3. Research Network Development
Several research networks exist to study specific diseases within the ED care interval. For instance, EMNet (http://www.emnet-usa.org/) is a collaborative of 226 medical centers focused primarily on acute respiratory emergencies. The Pediatric Emergency Care Applied Research Network (PECARN, https://www.pecarn.org/), focuses on pediatric acute illnesses and creating new guidelines for the management of pediatric head injuries and abdominal blunt injuries to date). More recently, the Western Emergency Services Translational Research Network (WESTRN), formed to explore broader research topics (https://www.ctsacentral.org/regional-consortia/western-emergency-services-translational-research-network). This is a group of 11 academic medical centers in the Western United States with National Institute of Health Clinical Translational Science Institutes (CTSIs). They have collaborated and performed projects related with traumatic injury in adults. A similar approach for ED operations studies can facilitate data collection and comparisons across a variety of settings that would transcend existing approaches to operational studies.

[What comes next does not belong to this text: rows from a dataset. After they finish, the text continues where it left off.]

Lemma least_spec (P : nat -> Prop) : (exists n, P n) -> is_least P (least P).
Proof. intros [n Pn]; apply (epsilon_spec (inhabits 0) (is_least P)), (least_exists P n Pn). Qed.

Lemma least_eq (P : nat -> Prop) n : (exists m, P m) -> least P = n <-> is_least P n.
Proof.
  intros HP; destruct (least_spec P HP) as [Hl Hmin]; split; [intros <-; split; auto|].
  intros [Pn Hn]; destruct (Nat.lt_trichotomy (least P) n) as [L | [E | L]]; auto.
  - destruct (Hn _ L Hl).
  - destruct (Hmin _ L Pn).
Qed.

Lemma least_ext (P Q : nat -> Prop) : (forall n, P n <-> Q n) -> least P = least Q.
Proof. intros E; rewrite (pred_ext P Q E); reflexivity. Qed.

Lemma sigma_is_least {T : Type} (S : (T -> Prop) -> Prop) (P : nat -> T -> Prop) n :
  is_sigma S -> (forall m, S (P m)) -> S (fun x => is_least (fun m => P m x) n).
Proof.
  intros HS HP; unfold is_least; apply sigma_and; auto.
  apply sigma_inter; auto; intros m; apply sigma_impl, sigma_compl; auto.
Qed.

(** * A free action of N(H)/H *)

Section FreeAction.
Context (G : CGroup) (X : MSpace) (a : G -> X -> X) (HX : standard X) (Ha : borel_action G X a)
  (H : G -> Prop) (HH : is_subgroup G H).
Local Notation "x * y" := (gmul G x y).
Local Notation "x ^-1" := (ginv G x) (at level 3).
Local Notation "1" := (gone G).

Let Ha1 : forall x, a 1 x = x := proj1 (proj1 Ha).
Let HaM : forall g h x, a (g * h) x = a g (a h x) := proj2 (proj1 Ha).

Lemma act_fixed_conj k g x : a k (a g x) = a g x <-> a (g^-1 * (k * g)) x = x.
Proof.
  rewrite !HaM; split; [intros E; rewrite E; apply action_invK, Ha|].
  intros E; rewrite <- E at 2; rewrite <- (HaM g (g^-1)), mulgV, Ha1; reflexivity.
Qed.

Definition stab_eq (x : X) : Prop := forall g, a g x = x <-> H g.

Lemma stab_eq_msbl : msbl X stab_eq.
Proof.
  destruct (gcountable G) as [s Hs]; pose proof (standard_is_sigma X HX) as HS.
  apply (sigma_forall _ HS s Hs (fun g x => a g x = x <-> H g)); intros g.
  apply sigma_iff, measurable_eq; auto; [apply borel_action_map; auto | intros B HB; exact HB].
Qed.

Lemma stab_eq_translate g x : normalizes G H g -> stab_eq x -> stab_eq (a g x).
Proof. intros Hg Hx k; rewrite act_fixed_conj, (Hx (g^-1 * (k * g))); symmetry; apply Hg. Qed.

Local Notation Q := (normalizer_quotient G H HH).

Definition free_space : MSpace := sum_space Q (fun _ => X).

Definition free_act (q : Q) (y : free_space) : free_space :=
  match y with existT _ d x =>
    match excluded_middle_informative (stab_eq x) with
    | left _ => existT (fun _ => mcar X) d (a (nq_val G H HH q) x)
    | right _ => existT (fun _ => mcar X) (gmul Q q d) x end end.

Lemma free_act_stab q d x : stab_eq x ->
  free_act q (existT _ d x) = existT (fun _ => mcar X) d (a (nq_val G H HH q) x).
Proof. intros Hx; simpl; destruct excluded_middle_informative; tauto. Qed.

Lemma free_act_not_stab q d x : ~ stab_eq x ->
  free_act q (existT _ d x) = existT (fun _ => mcar X) (gmul Q q d) x.
Proof. intros Hx; simpl; destruct excluded_middle_informative; tauto. Qed.

Lemma free_act_is_action : is_action Q free_space free_act.
Proof.
  split.
  - intros [d x]; destruct (classic (stab_eq x)) as [Hx | Hx].
    + rewrite free_act_stab; auto; f_equal; apply Hx, nq_val_one.
    + rewrite free_act_not_stab, gmul1l; auto.
  - intros q r [d x]; destruct (classic (stab_eq x)) as [Hx | Hx].
    + assert (Hrx : stab_eq (a (nq_val G H HH r) x)) by (apply stab_eq_translate, Hx; apply nq_val_normalizes).
      rewrite !free_act_stab; auto; f_equal.
      destruct (nq_val_mul G H HH q r) as [k [Hk ->]]; rewrite !HaM, (proj2 (Hx k) Hk); reflexivity.
    + rewrite !free_act_not_stab, gmulA; auto.
Qed.

Lemma free_act_free : free_action Q free_space free_act.
Proof.
  intros q [d x] Hq E; apply Hq; destruct (classic (stab_eq x)) as [Hx | Hx].
  - rewrite free_act_stab in E; auto; apply inj_pairT2 in E.
    apply nq_eq_one, Hx, E.
  - rewrite free_act_not_stab in E; auto; apply eq_sigT_fst in E.
    apply (mulIg Q d); rewrite gmul1l; exact E.
Qed.

Lemma free_space_standard : standard free_space.
Proof. apply sum_standard; [apply gcountable | intros; exact HX]. Qed.

Lemma free_act_borel : borel_action Q free_space free_act.
Proof.
  split; [apply free_act_is_action|].
  pose proof (standard_is_sigma X HX) as HS.
  destruct (gcountable Q) as [s Hs]; intros A HA.
  apply (prod_sigma_of_sections _ (standard_is_sigma _ free_space_standard) s Hs); intros q d.
  change (msbl X (fun x => A (free_act q (existT _ d x)))).
  apply (sigma_ext _ (fun x => (stab_eq x /\ A (existT _ d (a (nq_val G H HH q) x))) \/
                               (~ stab_eq x /\ A (existT _ (gmul Q q d) x)))).
  - apply sigma_or; [exact HS | |]; apply sigma_and; try exact HS.
    + apply stab_eq_msbl.
    + apply (borel_action_map G X a HX Ha _ (fun x => A (existT _ d x))), HA.
    + apply sigma_compl, stab_eq_msbl; exact HS.
    + apply HA.
  - intros x; destruct (classic (stab_eq x)) as [Hx | Hx].
    + rewrite free_act_stab; tauto.
    + rewrite free_act_not_stab; tauto.
Qed.
(* [b = 0]: a descending pair just below the first pair of [s];
   [b = 1]: an ascending pair just above it. *)
Lemma good_cons_pair m s b : is_perm m.+2 s -> good s -> b < 2 ->
  good (cons_pair (pair_max (head 0 s) + b) s).
Proof.
move=> s_perm s_good b_lt2; have [D _ _] := s_good.
have s1 : nth 0 s 1 = partner (nth 0 s 0) by apply: good_partner s_perm _ s_good.
have s_eq := is_perm_nth_eq s_perm; have s_size := is_perm_size s_perm.
have s0_range := is_perm_nth s_perm (i := 0) isT.
rewrite -nth0; move Ex: (pair_max (nth 0 s 0) + b) => x.
have x_gt0 : 0 < x by case: (pair_cases (nth 0 s 0)); lia.
have pm_x : pair_max x = pair_max (nth 0 s 0) + b.*2.
  by case: (pair_cases x) (pair_cases (nth 0 s 0)); lia.
have [_ A B] := (good_bump2 (pair_max x) s).2 s_good.
have t_uniq := cons_pair_uniq x_gt0 (is_perm_uniq s_perm).
have head_alike k : 1 < k < size (cons_pair x s) ->
    (nth 0 (cons_pair x s) k < x) = (nth 0 (cons_pair x s) k < partner x).
  case: k => [|[|k]] //=; rewrite size_map => k_range.
  by rewrite (nth_map 0); [exact: ltn_bump2_pair | lia].
have next_alike k : 3 < k < size (cons_pair x s) ->
    (nth 0 (cons_pair x s) k < x) = (nth 0 (cons_pair x s) k < nth 0 (cons_pair x s) 2).
  case: k => [|[|k]] //=; rewrite size_map s_size => k_range.
  rewrite !(nth_map 0) ?s_size ?ltn_bump2; try lia.
  move: (s_eq k 0) (s_eq k 1); rewrite s1 pm_x.
  case: (pair_cases x) (pair_cases (nth 0 s 0));
  by case: (bump2_cases (pair_max (nth 0 s 0) + b.*2) (nth 0 s k)); lia.
split.
- rewrite dumont_seq_cons_pair ?s_size // D andbT -nth0 /dumont_rel pm_x.
  case: ifP; case: (pair_cases x) (pair_cases (nth 0 s 0));
  by case: (bump2_cases (pair_max (nth 0 s 0) + b.*2) (nth 0 s 0)); lia.
- apply: (pattern_free_cons2 _ A) => a b' c d.
  exact: (occurs1342_first_pair t_uniq head_alike next_alike).
- apply: (pattern_free_cons2 _ B) => a b' c d.
  exact: (occurs4213_first_pair t_uniq head_alike next_alike).
Qed.

Lemma good_decomp m t : is_perm m.+4 t -> good t ->
  exists s b, [/\ is_perm m.+2 s, good s, b < 2 & t = cons_pair (pair_max (head 0 s) + b) s].
Proof.
move=> t_perm t_good; have t1 := good_partner t_perm isT t_good.
have [s et] : exists s, t = cons_pair (nth 0 t 0) s.
  by eexists; apply: cons_pair_decomp t_perm _ t1.
have s_perm : is_perm m.+2 s.
  by apply: (@is_perm_cons_pair_inv _ (nth 0 t 0)); rewrite -et.
have s_good : good s.
  apply/(good_bump2 (pair_max (nth 0 t 0))).
  by move: t_good; rewrite {1}et => /good_behead/good_behead.
have s1 := good_partner s_perm isT s_good; have s_size := is_perm_size s_perm.
move: (is_perm_nth t_perm (i := 0)) (is_perm_nth s_perm (i := 0)) => t0_range s0_range.
have t2 : nth 0 t 2 = bump2 (pair_max (nth 0 t 0)) (nth 0 s 0).
  by rewrite {1}et /= (nth_map 0) ?s_size.
have t3 : nth 0 t 3 = partner (nth 0 t 2).
  rewrite t2 -bump2_partner ?odd_pair_max -?s1; try lia.
  by rewrite {1}et /= (nth_map 0) ?s_size.
have pm_t2 : if odd (nth 0 t 0) then (pair_max (nth 0 t 2)).+2 = (nth 0 t 0).+1
             else pair_max (nth 0 t 2) = (nth 0 t 0).+2.
  case: ifP => par0; first exact: good_pair_below t_perm isT t_good par0 t1 t3.
  exact: good_pair_above t_perm isT t_good (negbT par0) t1 t3.
exists s, (odd (nth 0 t 0)); split=> //; first by case: odd.
rewrite {1}et -nth0; congr cons_pair; move: pm_t2 s0_range t0_range; rewrite t2.
case: (boolP (odd (nth 0 t 0))) => par0 /=;
case: (pair_cases (nth 0 t 0)) (pair_cases (nth 0 s 0));
case: (bump2_cases (pair_max (nth 0 t 0)) (nth 0 s 0));
by case: (pair_cases (bump2 (pair_max (nth 0 t 0)) (nth 0 s 0))); lia.
Qed.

Identifying Measures of Value
1. Data to Collect
The EDBA aggregated basic ED operations and process metrics for cross institutional comparison for 20 years to guide administrative decision-making. Their existing data collection offers a starting point for broader data collection.23 In 2011, the EDOSG introduced the concept of clinical practice comparisons across EDs for cardiovascular disease diagnostic testing pathways. A dataset that draws on the strengths of these two datasets (process metrics and clinical practice metrics), with appropriate representation of the diversity of EDs, is an early step. The next logical step is to obtain patient-level data. This approach maximizes flexibility for analysis because analyses can be customized to the question. For example, seasonal variability and patient sub-populations (e.g., trauma, pediatrics, psychiatry, and geriatrics) can be studied from the same datasets.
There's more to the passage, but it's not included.